7. No “Selfies” & Unnecessary Picture Taking——Taking some pictures with ones camera or IPhone is very cumbersome and very irritating sometimes as you have to bring out and bring in your camera to your race belt’s pocket or hydration pocket. If it is wrapped with Ziploc or some plastic pouch, the opening and closing of this protection from being wet and damped would entail some unnecessary movements that result to being not focused to the main task of running efficiently. Even if it takes a few seconds to “point and shout” ones camera, if these seconds are totaled or accumulated, it would add up to more minutes of delay on the course. Since there are members of the Running Photographers in the race, I just let them, as the experts with better cameras, take my pictures and just wait for them to post their pictures on Facebook.

In a nutshell, proper training/preparation where one has to test his apparel, hydration system, nutrition & hydration strategy and positive mental attitude is the key to a successful finish in an ultra running event. Although, running is an experiment of one, I hope my experience will guide you or test the above mentioned factors if you can adopt them or incorporate them in your running style or manner of finishing an ultra running event/race.

Expenses:

Round Trip Ticket (Cebu Pacific)——P 1,200.00 (Promo Fare/Sponsored By ZRC)

Hotel Accommodation & Meal——P 4,000.00 (2 Days)

Gratuitous Expenses (Tips)—-P 500.00

Total Expenses——P 5,700.00

My Running Kit (Picture By Running Photographers @ Km #17)

My Running Kit (Picture By Running Photographers @ Km #17)
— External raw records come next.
(* Let $(X,\|\cdot\|)$ and $(Y,\|\cdot\|)$ be finite-dimensional normed vector spaces and let $T$ be a $Y$-multivalued map on $X$ with $T(u)\neq\varnothing$ for every $u\in X$ which is weakly continuous at every point of $X$. Then $\{x\in X:T(x)\text{ is a singleton}\}$ and $\mathrm{dmn}\,\mathrm{D}T$ are Borel subsets of $X$, and $\mathrm{D}T:\mathrm{dmn}\,\mathrm{D}T\to\mathrm{Hom}(X,Y)$ is a Borel function.
   Context: A $Y$-multivalued map $T$ on $X$ assigns to each $x\in X$ a subset $T(x)\subseteq Y$; if $T(x)$ is a singleton, $T(x)$ also denotes its unique element. $T$ is weakly continuous at $x$ if for every $\varepsilon>0$ there is $\delta>0$ such that $T(y)\subseteq T(x)+\{v\in Y:\|v\|<\varepsilon\}$ whenever $\|y-x\|<\delta$. $T$ is strongly differentiable at $x$ if $T(x)$ is a singleton and there is a linear map $L:X\to Y$ such that for every $\varepsilon>0$ there is $\delta>0$ with $\|w-T(x)-L(y-x)\|\le\varepsilon\|y-x\|$ whenever $\|x-y\|\le\delta$ and $w\in T(y)$; such $L$ is unique and denoted $\mathrm{D}T(x)$, and $\mathrm{dmn}\,\mathrm{D}T$ is the set of points where $T$ is strongly differentiable. *)

From HB Require Import structures.
From mathcomp Require Import all_boot all_order all_algebra.
From mathcomp Require Import all_classical all_reals all_analysis.
Set Implicit Arguments. Unset Strict Implicit. Unset Printing Implicit Defensive.
Import Order.TTheory GRing.Theory Num.Theory.
Import numFieldNormedType.Exports.
Local Open Scope classical_set_scope.
Local Open Scope ring_scope.

(* A (finite-dimensional, real) normed space is modelled as 'rV[R]_n equipped
   with an ARBITRARY norm N (not necessarily the library's sup norm). *)
Definition is_norm (R : realType) (n : nat) (N : 'rV[R]_n -> R) : Prop :=
  [/\ forall x y, N (x + y) <= N x + N y,
      forall (a : R) x, N (a *: x) = `|a| * N x
    & forall x, N x = 0 -> x = 0].

Definition weakly_continuous_at (R : realType) (n m : nat)
  (NX : 'rV[R]_n -> R) (NY : 'rV[R]_m -> R) (T : 'rV[R]_n -> set 'rV[R]_m)
  (x : 'rV[R]_n) : Prop :=
  forall e : R, 0 < e -> exists2 d : R, 0 < d &
    forall y, NX (y - x) < d ->
      forall w, T y w -> exists t v, [/\ T x t, NY v < e & w = t + v].

(* Linear maps X -> Y are represented by matrices A : 'M_(n,m), acting by
   v |-> v *m A.  [strong_derivative_at NX NY T x A] says: T(x) is a singleton
   {y0} and A is a strong derivative of T at x. *)
Definition strong_derivative_at (R : realType) (n m : nat)
  (NX : 'rV[R]_n -> R) (NY : 'rV[R]_m -> R) (T : 'rV[R]_n -> set 'rV[R]_m)
  (x : 'rV[R]_n) (A : 'M[R]_(n, m)) : Prop :=
  exists y0, T x = [set y0] /\
    forall e : R, 0 < e -> exists2 d : R, 0 < d &
      forall y, NX (x - y) <= d ->
        forall w, T y w -> NY (w - y0 - (y - x) *m A) <= e * NX (y - x).

Definition dmnD (R : realType) (n m : nat)
  (NX : 'rV[R]_n -> R) (NY : 'rV[R]_m -> R) (T : 'rV[R]_n -> set 'rV[R]_m) :
  set 'rV[R]_n :=
  [set x | exists A, strong_derivative_at NX NY T x A].

(* DT(x): the (unique) strong derivative at x when x ∈ dmn DT (0 otherwise). *)
Definition DT (R : realType) (n m : nat)
  (NX : 'rV[R]_n -> R) (NY : 'rV[R]_m -> R) (T : 'rV[R]_n -> set 'rV[R]_m)
  (x : 'rV[R]_n) : 'M[R]_(n, m) :=
  xget 0 [set A | strong_derivative_at NX NY T x A].

Definition Borel (S : topologicalType) (A : set S) : Prop := <<s open >> A.

Definition Borel_fun_on (S U : topologicalType) (D : set S) (f : S -> U) : Prop :=
  forall B : set U, Borel B -> Borel (D `&` f @^-1` B).

(* The set of points where T is single-valued is a G_delta: by weak continuity
   it is the intersection over k of the open sets of points near which T
   oscillates by less than 1/(k+1).
   Call A an (e, d)-approximate derivative of T at such a point x if the
   first-order estimate with error e NX(y - x) holds on the d-ball around x.
   For fixed A, e, d these points form a set that is closed relative to the
   single-valued points, again by weak continuity, hence Borel. Two approximate
   derivatives at the same point differ by at most a constant times the sum of
   their errors, so x is in dmn DT iff for every k it has a rational
   1/(k+1)-approximate derivative on some ball: these form a Cauchy sequence
   whose limit is the strong derivative. This makes dmn DT a countable
   intersection of countable unions of Borel sets, and the preimage under DT of
   an open set U the part of dmn DT lying in the union of those sets whose
   rational matrix is, with some margin, inside U. *)

From HB Require Import structures.
From mathcomp Require Import all_boot all_order all_algebra.
From mathcomp Require Import all_classical all_reals all_analysis.
From mathcomp Require Import lra.
Import Order.TTheory GRing.Theory Num.Theory.
Import numFieldNormedType.Exports.
Local Open Scope classical_set_scope.
Local Open Scope ring_scope.
Set Implicit Arguments. Unset Strict Implicit. Unset Printing Implicit Defensive.

Local Notation borel S := (g_sigma_algebraType (@open S)).

Section BorelSets.
Variable S : ptopologicalType.
Implicit Types A B : set S.

Lemma Borel_open A : open A -> Borel A.
Proof. exact: sub_sigma_algebra. Qed.

Lemma Borel_closed A : closed A -> Borel A.
Proof.
move=> cA; rewrite -(setCK A); apply: (@measurableC _ (borel S)).
by apply: Borel_open; exact: closed_openC.
Qed.

Lemma BorelI A B : Borel A -> Borel B -> Borel (A `&` B).
Proof. exact: (@measurableI _ (borel S)). Qed.

Lemma Borel_bigcapT (F : nat -> set S) : (forall k, Borel (F k)) -> Borel (\bigcap_k F k).
Proof. exact: (@bigcapT_measurable _ (borel S)). Qed.

Lemma Borel_bigcup (I : countType) (P : set I) (F : I -> set S) :
  (forall i, P i -> Borel (F i)) -> Borel (\bigcup_(i in P) F i).
Proof.
move=> BF; rewrite bigcup_mkcond; apply: (@countable_bigcupT_measurable _ (borel S)).
  exact: countableP.
by move=> i; case: ifPn => [/set_mem /BF //|_]; exact: (@measurable0 _ (borel S)).
Qed.

Lemma Borel_fun_on_open (U : ptopologicalType) (D : set S) (f : S -> U) : Borel D ->
  (forall V, open V -> Borel (D `&` f @^-1` V)) -> Borel_fun_on D f.
Proof.
move=> BD Bf B BB; apply: (@measurability _ _ (borel S) (borel U) D f open) => //.
by move=> _ [V oV <-]; exact: Bf.
Qed.

End BorelSets.

Lemma set1_inj (T : Type) : injective (@set1 T).
Proof. by move=> a b ab; have : [set b] a by rewrite -ab. Qed.

Lemma natSinv_gt0 (R : numFieldType) (k : nat) : 0 < k.+1%:R^-1 :> R.
Proof. by rewrite invr_gt0. Qed.

Lemma natSinv_lt (R : realType) (e : R) : 0 < e -> exists k : nat, k.+1%:R^-1 < e.
Proof.
by move=> e0; have [k _ hk] := near_infty_natSinv_lt (PosNum e0); exists k; exact: (hk k (leqnn k)).
Qed.

Lemma cvg_natSinv_rate (R : realType) p q (u : nat -> 'M[R]_(p, q)) (c : R) :
  (forall k l, `|u k - u l| <= c * (k.+1%:R^-1 + l.+1%:R^-1)) ->
  exists u0, forall k, `|u k - u0| <= c * k.+1%:R^-1.
Proof.
move=> h.
have rate0 : (fun k => c * k.+1%:R^-1) @ \oo --> (0 : R).
  by rewrite -(mulr0 c); apply: cvgM; [exact: cvg_cst | exact: cvg_harmonic].
have small (e : R) : 0 < e -> \forall k \near \oo, c * k.+1%:R^-1 < e.
  by move=> e0; apply: cvgr_lt rate0 _ _.
have /cauchy_cvgP cu : cauchy (u @ \oo).
  apply: cauchy_exP => e e0; near \oo => k.
  have hk : c * k.+1%:R^-1 < e / 2 by near: k; apply: (small (e / 2)); rewrite divr_gt0.
  exists (u k); change (\forall l \near \oo, ball (u k) e (u l)); near=> l.
  have hl : c * l.+1%:R^-1 < e / 2 by near: l; apply: (small (e / 2)); rewrite divr_gt0.
  rewrite -ball_normE /=; apply: le_lt_trans (h k l) _.
  by rewrite mulrDr [e]splitr; exact: ltrD.
exists (lim (u @ \oo)) => k; apply/ler_addgt0Pr => e e0.
near \oo => l.
have hl : c * l.+1%:R^-1 < e / 2 by near: l; apply: (small (e / 2)); rewrite divr_gt0.
have hul : `|u l - lim (u @ \oo)| < e / 2.
  by rewrite distrC; near: l; apply: (cvgrPdist_lt _ _).1 cu _ _; rewrite divr_gt0.
apply: le_trans (ler_distD (u l) _ _) _; apply: le_trans (lerD (h k l) (ltW hul)) _.
by rewrite mulrDr -addrA lerD2l [leRHS]splitr lerD2r ltW.
Unshelve. all: by end_near.
Qed.

Section MatrixNorm.
Variable R : realDomainType.

Lemma ler_entry_mx_norm p q (M : 'M[R]_(p, q)) i j : `|M i j| <= `|M|.
Proof.
rewrite [`|M|]mx_normrE.
exact: (le_bigmax _ (fun ij : 'I_p * 'I_q => `|M ij.1 ij.2|) (i, j)).
Qed.

Lemma mx_norm_le p q (M : 'M[R]_(p, q)) r :
  0 <= r -> (forall i j, `|M i j| <= r) -> `|M| <= r.
Proof. by move=> r0 h; rewrite [`|M|]mx_normrE; apply: bigmax_le => // -[i j] _; exact: h. Qed.

Lemma mx_norm_mulmx_le p q (v : 'rV[R]_p) (B : 'M[R]_(p, q)) :
  `|v *m B| <= p%:R * (`|v| * `|B|).
Proof.
apply: mx_norm_le => [|i j]; first by rewrite !mulr_ge0.
rewrite !mxE; apply: le_trans (ler_norm_sum _ _ _) _.
apply: le_trans (_ : \sum_(k < p) `|v| * `|B| <= _).
  by apply: ler_sum => k _; rewrite normrM ler_pM // ler_entry_mx_norm.
by rewrite sumr_const card_ord mulr_natl.
Qed.

End MatrixNorm.

Lemma rat_mx_approx (R : realType) p q (A : 'M[R]_(p, q)) r :
  0 < r -> exists Q : 'M[rat]_(p, q), `|A - map_mx ratr Q| < r.
Proof.
move=> r0.
have r20 : 0 < r / 2 by rewrite divr_gt0.
have ratQ (ij : 'I_p * 'I_q) : exists x : rat, `|A ij.1 ij.2 - ratr x| < r / 2.
  have [z [Az [x _ xz]]] := dense_rat (ex_intro _ _ (ballxx (A ij.1 ij.2) r20))
    (ball_open (A ij.1 ij.2) (r / 2)).
  by exists x; rewrite xz; exact: Az.
have [g hg] := choice ratQ.
exists (\matrix_(i, j) g (i, j)); apply: le_lt_trans (_ : r / 2 < r); last lra.
apply: mx_norm_le => [|i j]; first exact: ltW.
by rewrite !mxE; exact: ltW (hg (i, j)).
Qed.

Section IsNorm.
Variables (R : realType) (n : nat) (N : 'rV[R]_n -> R).
Hypothesis hN : is_norm N.

Lemma is_normD x y : N (x + y) <= N x + N y.
Proof. by case: hN. Qed.

Lemma is_normZ (a : R) x : N (a *: x) = `|a| * N x.
Proof. by case: hN. Qed.

Lemma is_norm_eq0 x : N x = 0 -> x = 0.
Proof. by case: hN => _ _; apply. Qed.

Lemma is_norm0 : N 0 = 0.
Proof. by rewrite -(scale0r 0) is_normZ normr0 mul0r. Qed.

Lemma is_normN x : N (- x) = N x.
Proof. by rewrite -scaleN1r is_normZ normrN normr1 mul1r. Qed.

Lemma is_normB x y : N (x - y) = N (y - x).
Proof. by rewrite -is_normN opprB. Qed.

Lemma is_norm_ge0 x : 0 <= N x.
Proof.
have := is_normD x (- x); rewrite subrr is_norm0 is_normN -mulr2n.
by rewrite pmulrn_lge0.
Qed.
(* Let $n\geq 4$ and let $\pi\in S(\mathbb{Z}_n)$ satisfy $t([\pi])=n-2$. Then $\pi$ is a strong complete mapping, i.e. both $x\mapsto \pi(x)-x$ and $x\mapsto \pi(x)+x$ are permutations of $\mathbb{Z}_n$.
   Context: $S(\mathbb{Z}_n)$ is the set of bijections $\mathbb{Z}_n\to\mathbb{Z}_n$. For $\pi\in S(\mathbb{Z}_n)$, $\mathrm{cyc}(\pi)$ is the number of cycles (including fixed points) of $\pi$, $t(\pi)=n-\mathrm{cyc}(\pi)$, $[\pi]=\{x\mapsto \pi(x+b): b\in\mathbb{Z}_n\}$ and $t([\pi])=\min_{\sigma\in[\pi]}t(\sigma)$. *)

From HB Require Import structures.
From mathcomp Require Import all_boot all_order all_algebra all_fingroup.
Set Implicit Arguments. Unset Strict Implicit. Unset Printing Implicit Defensive.
Import GRing.Theory.
Local Open Scope ring_scope.

(* Z_n is modelled by 'Z_n (valid for n >= 2; the theorem assumes n >= 4).
   S(Z_n) is {perm 'Z_n}. *)

Definition cyc (n : nat) (p : {perm 'Z_n}) : nat := #|porbits p|.

Definition tperm (n : nat) (p : {perm 'Z_n}) : nat := (n - cyc p)%N.

Definition transl (n : nat) (b : 'Z_n) : {perm 'Z_n} := perm (@addIr _ b).

Definition shiftp (n : nat) (p : {perm 'Z_n}) (b : 'Z_n) : {perm 'Z_n} :=
  (transl b * p)%g.

Lemma shiftpE n (p : {perm 'Z_n}) b x : shiftp p b x = p (x + b).
Proof. by rewrite /shiftp permM /transl permE. Qed.

(* t([pi]) = min over b of t(x |-> pi(x+b)); the default value n of the
   iterated min is harmless since tperm _ <= n always. *)
Definition tclass (n : nat) (p : {perm 'Z_n}) : nat :=
  \big[minn/n]_(b : 'Z_n) tperm (shiftp p b).

From Pilot Require Import Defs.
From HB Require Import structures.
From mathcomp Require Import all_boot all_order all_algebra all_fingroup.
From mathcomp Require Import zify.
Set Implicit Arguments. Unset Strict Implicit. Unset Printing Implicit Defensive.
Import Order.TTheory GRing.Theory.
Local Open Scope ring_scope.

(* As t([pi]) = n - 2, every shift x |-> pi(x + b) has at most two cycles.
   If pi(x) - x took the same value at x <> y, a suitable shift of pi would
   fix both pi(x) and pi(y); if pi(x) + x did, a suitable shift would swap
   pi(x) and pi(y) while, the difference map being a bijection by the first
   case, also fixing some third point.  Either way, since n >= 4, a further
   point lies outside these invariant sets, giving a third cycle. *)

Section ThreeCycles.

Variables (T : finType) (s : {perm T}).

Lemma porbit_sub_closed (A : {set T}) x :
  x \in A -> {in A, forall y, s y \in A} -> porbit s x \subset A.
Proof.
move=> Ax sA; apply/subsetP => _ /porbitP[i ->].
elim: i => [|i IHi]; first by rewrite expg0 perm1.
by rewrite expgSr permM sA.
Qed.

Lemma fixed_set1_closed x : s x = x -> {in [set x], forall y, s y \in [set x]}.
Proof. by move=> sx _ /set1P ->; rewrite sx set11. Qed.

Lemma three_porbits (A B : {set T}) a b :
    {in A, forall y, s y \in A} -> {in B, forall y, s y \in B} ->
    a \in A -> b \in B -> b \notin A -> (#|A| + #|B| < #|T|)%N ->
  (2 < #|porbits s|)%N.
Proof.
move=> sA sB Aa Bb bA card_AB.
have [d]: exists d, d \notin A :|: B.
  apply/existsP; rewrite -negb_forall; apply: contraL card_AB => /forallP AB_full.
  rewrite -leqNgt; apply: leq_trans (leq_card_setU A B).
  by apply/subset_leq_card/subsetP => d _; apply: AB_full.
rewrite in_setU negb_or => /andP[dA dB].
have notin_orbit (C : {set T}) x y : {in C, forall z, s z \in C} -> x \in C ->
    y \notin C -> y \notin porbit s x.
  by move=> sC Cx; apply: contra => /(subsetP (porbit_sub_closed Cx sC)).
apply/card_gt2P; exists (porbit s a), (porbit s d), (porbit s b).
split; first by split; apply: imset_f.
rewrite ![_ == porbit s _]eq_porbit_mem [a \in _]porbit_sym.
by split; [exact: (notin_orbit A) | exact: (notin_orbit B) | exact: (notin_orbit A)].
Qed.

End ThreeCycles.

Section ShiftClass.

Variables (n : nat) (p : {perm 'Z_n}).

Lemma tclass_le_tperm b : (tclass p <= Defs.tperm (shiftp p b))%N.
Proof. by rewrite /tclass -minEnat -leEnat; exact: bigmin_le. Qed.

Lemma shiftp_fixE b x : (shiftp p b (p x) == p x) = (p x - x == - b).
Proof. by rewrite shiftpE (inj_eq perm_inj) -subr_eq0 -[RHS]subr_eq0 opprK addrAC. Qed.

End ShiftClass.

Section StrongCompleteMapping.

Variables (n : nat) (p : {perm 'Z_n}).
Hypotheses (n_ge4 : (4 <= n)%N) (tp : tclass p = (n - 2)%N).

Let card_Zn : #|'Z_n| = n.
Proof. by rewrite card_ord Zp_cast //; lia. Qed.

Lemma porbits_shiftp_le2 b : (#|porbits (shiftp p b)| <= 2)%N.
Proof. by have := tclass_le_tperm p b; rewrite tp /Defs.tperm /cyc; lia. Qed.

Lemma perm_subr_inj : injective (fun x => p x - x).
Proof.
move=> x y /= eq_xy; apply/eqP/contraT => neq_xy.
set b := x - p x.
have fix_p z : p z - z = p x - x -> shiftp p b (p z) = p z.
  by move=> ez; apply/eqP; rewrite shiftp_fixE ez opprB.
suff : (2 < #|porbits (shiftp p b)|)%N by rewrite ltnNge porbits_shiftp_le2.
apply: (three_porbits (fixed_set1_closed (fix_p x erefl))
                      (fixed_set1_closed (fix_p y (esym eq_xy)))).
- exact: set11.
- exact: set11.
- by rewrite inE (inj_eq perm_inj) eq_sym.
- by rewrite !cards1 card_Zn; lia.
Qed.

Lemma perm_addr_inj : injective (fun x => p x + x).
Proof.
move=> x y /= eq_xy; apply/eqP/contraT => neq_xy.
set b := y - p x.
have swap_x : shiftp p b (p x) = p y by rewrite shiftpE addrC subrK.
have swap_y : shiftp p b (p y) = p x.
  by rewrite shiftpE addrA -eq_xy addrAC subrr add0r.
have /codomP[w eq_w] : - b \in codom (fun x => p x - x).
  by apply: inj_card_onto; first exact: perm_subr_inj.
have fix_w : shiftp p b (p w) = p w by apply/eqP; rewrite shiftp_fixE eq_w.
suff : (2 < #|porbits (shiftp p b)|)%N by rewrite ltnNge porbits_shiftp_le2.
apply: (three_porbits (fixed_set1_closed fix_w) (B := [set p x; p y])).
- by move=> _ /set2P[]->; rewrite !inE ?swap_x ?swap_y eqxx ?orbT.
- exact: set11.
- exact: set21.
- apply/set1P => pxw; move: swap_x; rewrite pxw fix_w -pxw => /perm_inj xy.
  by rewrite xy eqxx in neq_xy.
- by rewrite cards1 cards2 card_Zn; case: (_ != _); lia.
Qed.

End StrongCompleteMapping.

Theorem proposition2p6 (n : nat) (p : {perm 'Z_n}) :
  (4 <= n)%N -> tclass p = (n - 2)%N ->
  injective (fun x : 'Z_n => p x - x) /\ injective (fun x : 'Z_n => p x + x).
Proof. by move=> n_ge4 tp; split; [exact: perm_subr_inj | exact: perm_addr_inj]. Qed.
(* Let $V$ be any Gödel set, let $Q\bar x\,A(\bar x)$ be a prenex sentence with quantifier prefix $Q\bar x$ and quantifier-free matrix $A$, and let $\Gamma$ be a set of sentences not containing the Skolem symbols introduced below. Then $\Gamma\Vdash_V Q\bar x\,A(\bar x)$ if and only if $\Gamma\Vdash_V (Q\bar x\,A(\bar x))^S$.
   Context: A Gödel set is a closed set $V\subseteq[0,1]$ with $0,1\in V$. A $V$-interpretation $\mathcal I$ consists of a nonempty domain $U$, interpretations of constants and function symbols as usual, and for each $k$-ary predicate a function $U^k\to V$; with constants for elements of $U$ added, $\mathcal I(\bot)=0$, $\wedge,\vee$ are $\min,\max$, $\mathcal I(A\supset B)=1$ if $\mathcal I(A)\le\mathcal I(B)$ and $=\mathcal I(B)$ otherwise, $\mathcal I(\forall xA(x))=\inf_{u\in U}\mathcal I(A(u))$, $\mathcal I(\exists xA(x))=\sup_{u\in U}\mathcal I(A(u))$. For a set $\Gamma$ of sentences, $\Gamma\Vdash_V A$ means: every $V$-interpretation that gives value $1$ to all members of $\Gamma$ gives value $1$ to $A$. The validity Skolemization $(Q\bar x A)^S$ of a prenex sentence is obtained by deleting each universal quantifier $\forall y$ from the prefix and replacing $y$ in the matrix by $f(\bar z)$, where $f$ is a new function symbol (distinct for each such quantifier) and $\bar z$ is the list of existentially quantified variables preceding $\forall y$ in the prefix ($f$ is a new constant if $\bar z$ is empty). The result is purely existential. *)

From HB Require Import structures.
From mathcomp Require Import all_boot all_order all_algebra.
From mathcomp Require Import all_classical all_reals all_analysis.
Set Implicit Arguments. Unset Strict Implicit. Unset Printing Implicit Defensive.
Import Order.TTheory GRing.Theory Num.Theory numFieldNormedType.Exports.
Local Open Scope classical_set_scope.

(* Symbols are
   applied to lists of arguments (arity given by the list length). ---------- *)

Inductive fo_term (F : Type) : Type :=
| Var : nat -> fo_term F
| App : F -> seq (fo_term F) -> fo_term F.
Arguments Var {F}.

Inductive fo_form (F P : Type) : Type :=
| Bot : fo_form F P
| Atom : P -> seq (fo_term F) -> fo_form F P
| And : fo_form F P -> fo_form F P -> fo_form F P
| Or  : fo_form F P -> fo_form F P -> fo_form F P
| Imp : fo_form F P -> fo_form F P -> fo_form F P
| All : fo_form F P -> fo_form F P   (* binds de Bruijn variable 0 *)
| Ex  : fo_form F P -> fo_form F P.
Arguments Bot {F P}.

Section Syntax.
Variables F F' P : Type.

Fixpoint tsubst (F F' : Type) (s : nat -> fo_term F') (g : F -> F') (t : fo_term F) : fo_term F' :=
  match t with
  | Var i => s i
  | App f ts => App (g f) (map (@tsubst F F' s g) ts)
  end.

Definition tren (t : fo_term F') : fo_term F' := @tsubst F' F' (fun i => Var i.+1) id t.

Definition up (s : nat -> fo_term F') : nat -> fo_term F' :=
  fun n => match n with 0 => Var 0 | k.+1 => tren (s k) end.

Fixpoint fsubst (s : nat -> fo_term F') (g : F -> F') (A : fo_form F P) : fo_form F' P :=
  match A with
  | Bot => Bot
  | Atom p ts => Atom p (map (@tsubst F F' s g) ts)
  | And B C => And (fsubst s g B) (fsubst s g C)
  | Or B C => Or (fsubst s g B) (fsubst s g C)
  | Imp B C => Imp (fsubst s g B) (fsubst s g C)
  | All B => All (fsubst (up s) g B)
  | Ex B => Ex (fsubst (up s) g B)
  end.
End Syntax.

Section Syntax2.
Variables F P : Type.

Definition fsym_map F' (g : F -> F') (A : fo_form F P) : fo_form F' P :=
  fsubst (fun i => Var i) g A.

Fixpoint tclosed (n : nat) (t : fo_term F) : bool :=
  match t with
  | Var i => (i < n)%N
  | App _ ts => all (tclosed n) ts
  end.

(* all free variables of A are < n ; closed_at 0 A means A is a sentence *)
Fixpoint closed_at (n : nat) (A : fo_form F P) : bool :=
  match A with
  | Bot => true
  | Atom _ ts => all (tclosed n) ts
  | And B C | Or B C | Imp B C => closed_at n B && closed_at n C
  | All B | Ex B => closed_at n.+1 B
  end.

Fixpoint qfree (A : fo_form F P) : bool :=
  match A with
  | Bot | Atom _ _ => true
  | And B C | Or B C | Imp B C => qfree B && qfree C
  | All _ | Ex _ => false
  end.

(* Prenex formula: the prefix is listed outermost first,
   true = universal quantifier, false = existential quantifier. *)
Definition prenex (pre : seq bool) (A : fo_form F P) : fo_form F P :=
  foldr (fun (q : bool) B => if q then All B else Ex B) A pre.

(* ---------- Validity Skolemization ----------
   The Skolem symbols are inr p : F + nat, where p is the position in the
   prefix of the deleted universal quantifier.  It is applied to the list
   of existentially quantified variables preceding position p.            *)
Definition nex (pre : seq bool) : nat := count negb pre.
Definition rank (pre : seq bool) (p : nat) : nat := count negb (take p pre).

Definition skolem_sub (pre : seq bool) (i : nat) : fo_term (F + nat) :=
  let n := size pre in
  let m := nex pre in
  if (i < n)%N then
    let p := n - 1 - i in
    if nth false pre p then
      App (inr p) (map (fun r => Var (m - 1 - r)) (iota 0 (rank pre p)))
    else Var (m - 1 - rank pre p)
  else Var (i - n + m).

End Syntax2.

Definition skolemize (F P : Type) (pre : seq bool) (A : fo_form F P) : fo_form (F + nat) P :=
  prenex (nseq (nex pre) false) (fsubst (@skolem_sub F pre) inl A).

Local Open Scope ring_scope.

Definition goedel_set (R : realType) (V : set R) : Prop :=
  closed V /\ (forall x, V x -> 0 <= x <= 1) /\ V 0 /\ V 1.

Record interp (R : realType) (F P : Type) := Interp {
  dom : Type;
  dom_elt : dom;                          (* the domain is nonempty *)
  ifun : F -> seq dom -> dom;
  ipred : P -> seq dom -> R }.

Definition valued_in (R : realType) F P (V : set R) (I : interp R F P) : Prop :=
  forall p us, V (@ipred R F P I p us).

Definition scons (U : Type) (u : U) (rho : nat -> U) : nat -> U :=
  fun n => match n with 0 => u | k.+1 => rho k end.

Section Eval.
Variables (R : realType) (F P : Type) (I : interp R F P).

Fixpoint gteval (rho : nat -> @dom R F P I) (t : fo_term F) : @dom R F P I :=
  match t with
  | Var i => rho i
  | App f ts => @ifun R F P I f (map (gteval rho) ts)
  end.

Definition gimp (a b : R) : R := if a <= b then 1 else b.

Fixpoint geval (rho : nat -> @dom R F P I) (A : fo_form F P) : R :=
  match A with
  | Bot => 0
  | Atom p ts => @ipred R F P I p (map (gteval rho) ts)
  | And B C => Num.min (geval rho B) (geval rho C)
  | Or B C => Num.max (geval rho B) (geval rho C)
  | Imp B C => gimp (geval rho B) (geval rho C)
  | All B => inf (range (fun u => geval (scons u rho) B))
  | Ex B => sup (range (fun u => geval (scons u rho) B))
  end.
End Eval.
Even if I am not an sponsored athlete, I would mention the things that I’ve used during the event:

Running Shorts & Shirt——ASICS

Running Shoes——Hoka One One Huaka

Runner’s Cap & Compression Shorts——Under Armour

Sunglasses——Oakley

Buff/Neck Sleeves——BUFF

GPS Watch——SUUNTO Ambit 3 Peak

Hydration Bottles——Simple Hydration Bottles

Race Belt & Pouch——Ultimate Direction

Socks——DRYMAX

Nutrition——CarboPro Powder Mix; Succeed S-Caps; GU Electrolyte Tablets; Clif Bloks; Water & Gatorade (@Aid Station); Rice Cake (Suman), Boiled Banana, Ripe Bananas, Watermelon, & Hotdog Sandwich (@Aid Station)

My training continues…Go out and run!